The ventricles have much thicker and stronger walls than the atrium. The left ventricle is thicker and more rounded than the right. These proportions indicate the force of contraction needed to move the blood to its immediate destination. The left ventricle must work harder to propel blood throughout the body than the right does to move it to the lungs. Nonetheless, all of the chambers must move the same volume of blood in the same number of strokes.Thus their capacities are of comparable size, expelling approximately 70-90 ml. (two or three ounces) of blood with each contraction.
The fibers of the myocardium encircle the chambers of the heart so as to compress them. A single fiber will weave around both right and left chambers. This ensures that the two will contract simultaneously.
The atria are formed embryologically by the merging of the sinus venosus and the atrium. These two parts are distinguishable in the adult heart by the structure of their walls. The walls derived from the sinus are smooth and regular, resembling the lining of large veins. The true atrial walls have conspicuous muscular bands, called the pectinate muscles. The abrupt line along which the two parts fuse is called the crista terminalis.
The septum that divides the atria into right and left chambers formed later in the fetal period by growth inward from all sides of the chamber. The point of the last communication between the two sides is marked by a small depression, the fossa ovalis (see below).
The right atrium receives the superior and inferior venae cavae. These are large vessels, vertically aligned with one another and blending into the right wall of the chamber. A smaller opening into the atrium permits the flow of blood from the coronary sinus. The right atrium empties inferiorly into the right ventricle by way of the tricuspid valve.
The left atrium receives four pulmonary veins, two from each of the lungs. These enter the back of the heart running horizontally. Blood from the left atrium passes through the bicuspid valve into the left ventricle.
The ventricles have thicker and more muscular walls than the atria. The muscle fibers that form them encircle the chambers and terminate in pronounced ridges on the inner walls. These ridges are called trabeculae carnae and give the ventricles a much different appearance than the atria.
In the right ventricle, the three flaps of the tricuspid valve open into the ventricle. Each of the flaps is extended by a few fibers called the chordae tendiniae, which in turn are anchored to the wall or floor of the ventricle by muscular processes called thepapillary muscles. The papillary muscles are extensions of bundles of muscle fibers that make up the ventricular walls. As the ventricle contracts, so do the papillary muscles. At first glance, it might appear that they function to draw open the flaps of the valve. This is not the case, and it may be emphasized that opening and closing the valves is a passive operation. Because the muscles contract as the ventricle is contracting, they are working just as rising blood pressure in the ventricle is closing the valve. Their critical role is to provide tension on the chordae tendiniae to stabilize the flaps of the valve and prevent them from being swept upwards into the atrium.

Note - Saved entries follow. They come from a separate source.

(* Let $\alpha>0$, $0\le m<s<M$, $f\in\mathcal{F}(m,M,s)$, and $x_0\in[0,\pi]$. Put $l=\pi(s-m)/(M-m)$ and $l^-=\pi-l$. Then $$\eta_\alpha(x_0)M-(M-m)\nu_\alpha(x_0,l^-)\le u_f(x_0)\le \eta_\alpha(x_0)m+(M-m)\nu_\alpha(x_0,l).$$ Equality holds in the right inequality if and only if $f=m+(M-m)\chi_{I(a_m,l)}$ a.e. on $[-\pi,\pi]$, where $a_m=x_0(1-lc_\alpha)$ if $x_0(1-lc_\alpha)<\pi-l$ and $a_m=\pi-l$ otherwise. Equality holds in the left inequality if and only if $f=M-(M-m)\chi_{I(a_m^-,l^-)}$ a.e. on $[-\pi,\pi]$, where $a_m^-=x_0(1-l^-c_\alpha)$ if $x_0(1-l^-c_\alpha)<\pi-l^-$ and $a_m^-=\pi-l^-$ otherwise.
   Context: Robin problem: for $\alpha>0$ and $f\in L^1[-\pi,\pi]$, find $u\in C^1[-\pi,\pi]$ with $u'$ absolutely continuous on $[-\pi,\pi]$, $-u''=f$ a.e. on $(-\pi,\pi)$, and $-u'(-\pi)+\alpha u(-\pi)=u'(\pi)+\alpha u(\pi)=0$. It has a unique solution $u_f(x)=\int_{-\pi}^{\pi}G(x,y)f(y)\,dy$, where $G(x,y)=-\tfrac12 c_\alpha xy-\tfrac12|x-y|+\tfrac{1}{2c_\alpha}$ and $c_\alpha=\alpha/(1+\alpha\pi)$. For $0\le m<s<M$, $\mathcal{F}(m,M,s)$ is the set of $f\in L^1[-\pi,\pi]$ with $m\le f\le M$ and $\|f\|_{L^1}=2\pi s$. $I(a,l)=[a-l,a+l]$, $\chi_E$ is the characteristic function of $E$. $\eta_\alpha(x)=-\tfrac12x^2+\tfrac{\pi}{\alpha}+\tfrac{\pi^2}{2}$. For $x_0\in[0,\pi]$ and $l\in(0,\pi)$: $\nu_\alpha(x_0,l)=\dfrac{l}{c_\alpha}\Big(1-\dfrac{lc_\alpha}{2}\Big)\big(1-x_0^2c_\alpha^2\big)$ if $x_0<\dfrac{\pi-l}{1-lc_\alpha}$, and $\nu_\alpha(x_0,l)=-\tfrac12(\pi-x_0)^2+l(1-c_\alpha x_0)\big(2\pi-l+\tfrac1\alpha\big)$ otherwise. *)

From HB Require Import structures.
From mathcomp Require Import all_boot all_order all_algebra.
From mathcomp Require Import all_classical all_reals all_analysis.
Set Implicit Arguments. Unset Strict Implicit. Unset Printing Implicit Defensive.
Import Order.TTheory GRing.Theory Num.Theory.
Import numFieldNormedType.Exports.
Local Open Scope classical_set_scope.
Local Open Scope ring_scope.

Section RobinDefs.
Variable R : realType.

Definition Ipi : set R := `[- pi, pi]%classic.

Definition c_alpha (alpha : R) : R := alpha / (1 + alpha * pi).

Definition Green (alpha x y : R) : R :=
  - (1/2) * c_alpha alpha * x * y - (1/2) * `|x - y| + 1 / (2 * c_alpha alpha).

Definition u_sol (alpha : R) (f : R -> R) (x : R) : R :=
  Rintegral lebesgue_measure Ipi (fun y => Green alpha x y * f y).

Definition Fclass (m M s : R) (f : R -> R) : Prop :=
  [/\ measurable_fun Ipi f,
      lebesgue_measure.-integrable Ipi (fun x => (f x)%:E),
      {ae lebesgue_measure, forall x, Ipi x -> m <= f x <= M}
    & Rintegral lebesgue_measure Ipi (fun x => `|f x|) = 2 * pi * s].

Definition eta_alpha (alpha x : R) : R :=
  - (1/2) * x ^+ 2 + pi / alpha + pi ^+ 2 / 2.

Definition nu_alpha (alpha x0 l : R) : R :=
  let c := c_alpha alpha in
  if x0 < (pi - l) / (1 - l * c) then
    l / c * (1 - l * c / 2) * (1 - x0 ^+ 2 * c ^+ 2)
  else
    - (1/2) * (pi - x0) ^+ 2 + l * (1 - c * x0) * (2 * pi - l + 1 / alpha).

Definition chiI (a l x : R) : R := \1_(`[a - l, a + l]%classic) x.

Definition a_opt (alpha x0 l : R) : R :=
  if x0 * (1 - l * c_alpha alpha) < pi - l then x0 * (1 - l * c_alpha alpha)
  else pi - l.

End RobinDefs.

From HB Require Import structures.
From mathcomp Require Import all_boot all_order all_algebra.
From mathcomp Require Import all_classical all_reals all_analysis.
From mathcomp Require Import ring lra measurable_realfun.
Import Order.TTheory GRing.Theory Num.Theory.
Import numFieldNormedType.Exports.
Local Open Scope classical_set_scope.
Local Open Scope ring_scope.

(* Bathtub principle.  The Green function G = G(x0, .) is a tent: affine with
   slope (1 - c x0)/2 left of x0 and -(1 + c x0)/2 right of x0, so its
   superlevel sets are intervals around x0.  The interval I(a_m, l) is the
   superlevel set {G >= t}, t = G(a_m - l), and phi = m + (M - m) chi_I has the
   same mass as f.  Since m <= f <= M, the product (G - t)(phi - f) is
   nonnegative, and as the masses agree its integral is u_phi - u_f; it vanishes
   iff f = phi a.e., because G <> t off the two endpoints.  For the lower bound
   the same argument compares f with M - (M - m) chi, which puts the small value
   on the superlevel interval of half-length pi - l. *)

Section Rintegral_ae.
Context {d : measure_display} {T : measurableType d} {R : realType}.
Context {mu : {measure set T -> \bar R}} {D : set T}.
Hypothesis mD : measurable D.
Implicit Types (f g : T -> R).

Lemma integrableB_EFin {f g} : mu.-integrable D (EFin \o f) ->
  mu.-integrable D (EFin \o g) -> mu.-integrable D (EFin \o (f \- g)).
Proof. by move=> iif ig; have := integrableB mD iif ig; apply: eq_integrable. Qed.

Lemma integrableZl_EFin (k : R) {f} : mu.-integrable D (EFin \o f) ->
  mu.-integrable D (EFin \o (fun x => k * f x)).
Proof. by move=> iif; have := integrableZl mD k iif; apply: eq_integrable. Qed.

Lemma ae_eq_Rintegral f g :
  measurable_fun D f -> measurable_fun D g -> f = g %[ae mu in D] ->
  \int[mu]_(x in D) f x = \int[mu]_(x in D) g x.
Proof.
move=> mf mg fg; congr fine; apply: ae_eq_integral => //.
- exact/measurable_EFinP.
- exact/measurable_EFinP.
- by apply: filterS fg => x + Dx => /= ->.
Qed.

Section ae_nonneg.
Variable k : T -> R.
Hypotheses (ik : mu.-integrable D (EFin \o k))
  (k_ge0 : {ae mu, forall x, D x -> 0 <= k x}).

Let Rintegral_abs : \int[mu]_(x in D) k x = \int[mu]_(x in D) `|k x|.
Proof.
have mk : measurable_fun D k by exact/measurable_EFinP/(measurable_int mu).
apply: ae_eq_Rintegral => //; first exact: measurableT_comp.
by apply: filterS k_ge0 => x + Dx => /(_ Dx) /ger0_norm.
Qed.

Lemma ae_ge0_Rintegral_ge0 : 0 <= \int[mu]_(x in D) k x.
Proof. by rewrite Rintegral_abs; apply: Rintegral_ge0. Qed.

Lemma ae_ge0_Rintegral_eq0 :
  \int[mu]_(x in D) k x = 0 <-> {ae mu, forall x, D x -> k x = 0}.
Proof.
have /integrableP[_ absk_fin] := ik.
have absE : (\int[mu]_(x in D) `|(EFin \o k) x|)%E =
    (\int[mu]_(x in D) `|k x|)%:E.
  by rewrite fineK // ge0_fin_numE //; exact: integral_ge0.
have := ae_eq_integral_abs mu mD (measurable_int mu ik).
rewrite absE Rintegral_abs => -[abs0 ae0]; split.
- move=> e; apply: filterS (abs0 (congr1 EFin e)) => x + Dx.
  by move=> /(_ Dx) [].
- move=> k0; apply: EFin_inj; apply: ae0; apply: filterS k0 => x + Dx.
  by move=> /(_ Dx) /= ->.
Qed.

In the left ventricle, a similar arrangement ensues. The atrioventricular valve on the left has two flaps. Hence it is called thebicuspid valve (or mitral valve after its fancied resemblance to a bishop's hat, or mitre). The flaps of the bicuspid valve also have chordae tendiniae and papillary muscles.
The passages out of the ventricles utilize a different set of valves. The base of the pulmonary trunk, emerging from the right ventricle, contains a pulmonary semilunar valve. This also has three flaps. Because the pressure experienced in the arteries between heart beats is so much less than that emerging from the heart, it is not necessary to strengthen them with papillary muscles. On the left side, the aorta is separated from the left ventricle by an aortic semilunar valve of similar construction.
One additional feature is unique to the right ventricle. The septomarginal band (formerly called the "moderator band") spans the chamber from its septum to its floor. This band appears to be one of the trabeculae of the wall, but it contains a highly specialized bundle of cardiac fibers conducting impulses to initiate contraction of the walls (see below).
The Intrinsic Conduction System
It is essential to human life that the heart contract in a regular rhythm, about 70 times per minute. The heart does not rely on the brain for this rhythm, but is self stimulating. Specialized cardiac muscle fibers have assumed the role of initiating, propagating, and synchronizing excitation across the walls of the heart.
The "pacemaker" of the heart where a heartbeat is initiated, is the sinuatrial node, a small clump of cells in the wall of the right atrium. These cells are self-exciting, the frequency of heartbeat determined by their intrinsic properties. The membrane activity they generate spreads from one cardiac cell to the next across the walls of the atria.
As the atria are contracting, the impulse is prevented from engulfing the ventricles by an insulating layer of connective tissue. Instead, the excitation is detected by the atrioventricular node, near the junction of the four chambers. After a calculated delay, the signal is passed on to the ventricular walls, dispersing on the right and left atrioventricular bundles. The delay ensures that the contractions of the atria and ventricles are sequential, rather than overlapping. The arrangement of cardiac fibers, coiling about both ventricles at once, assures that the right and left sides contract synchronously.
The rhythm of sinuatrial stimulation can be altered by the autonomic nervous system. Sympathetic fibers terminating in the wall of the heart and releasing the neurotransmitter norepinephrine increase the rate and force of contraction. The hormones norepinephrine and epinephrine secreted into the bloodstream by the suprarenal medulla during sympathetic arousal enhance this effect. Acetylcholine, released by parasympathetic fibers terminating in the heart, slows the heart rate.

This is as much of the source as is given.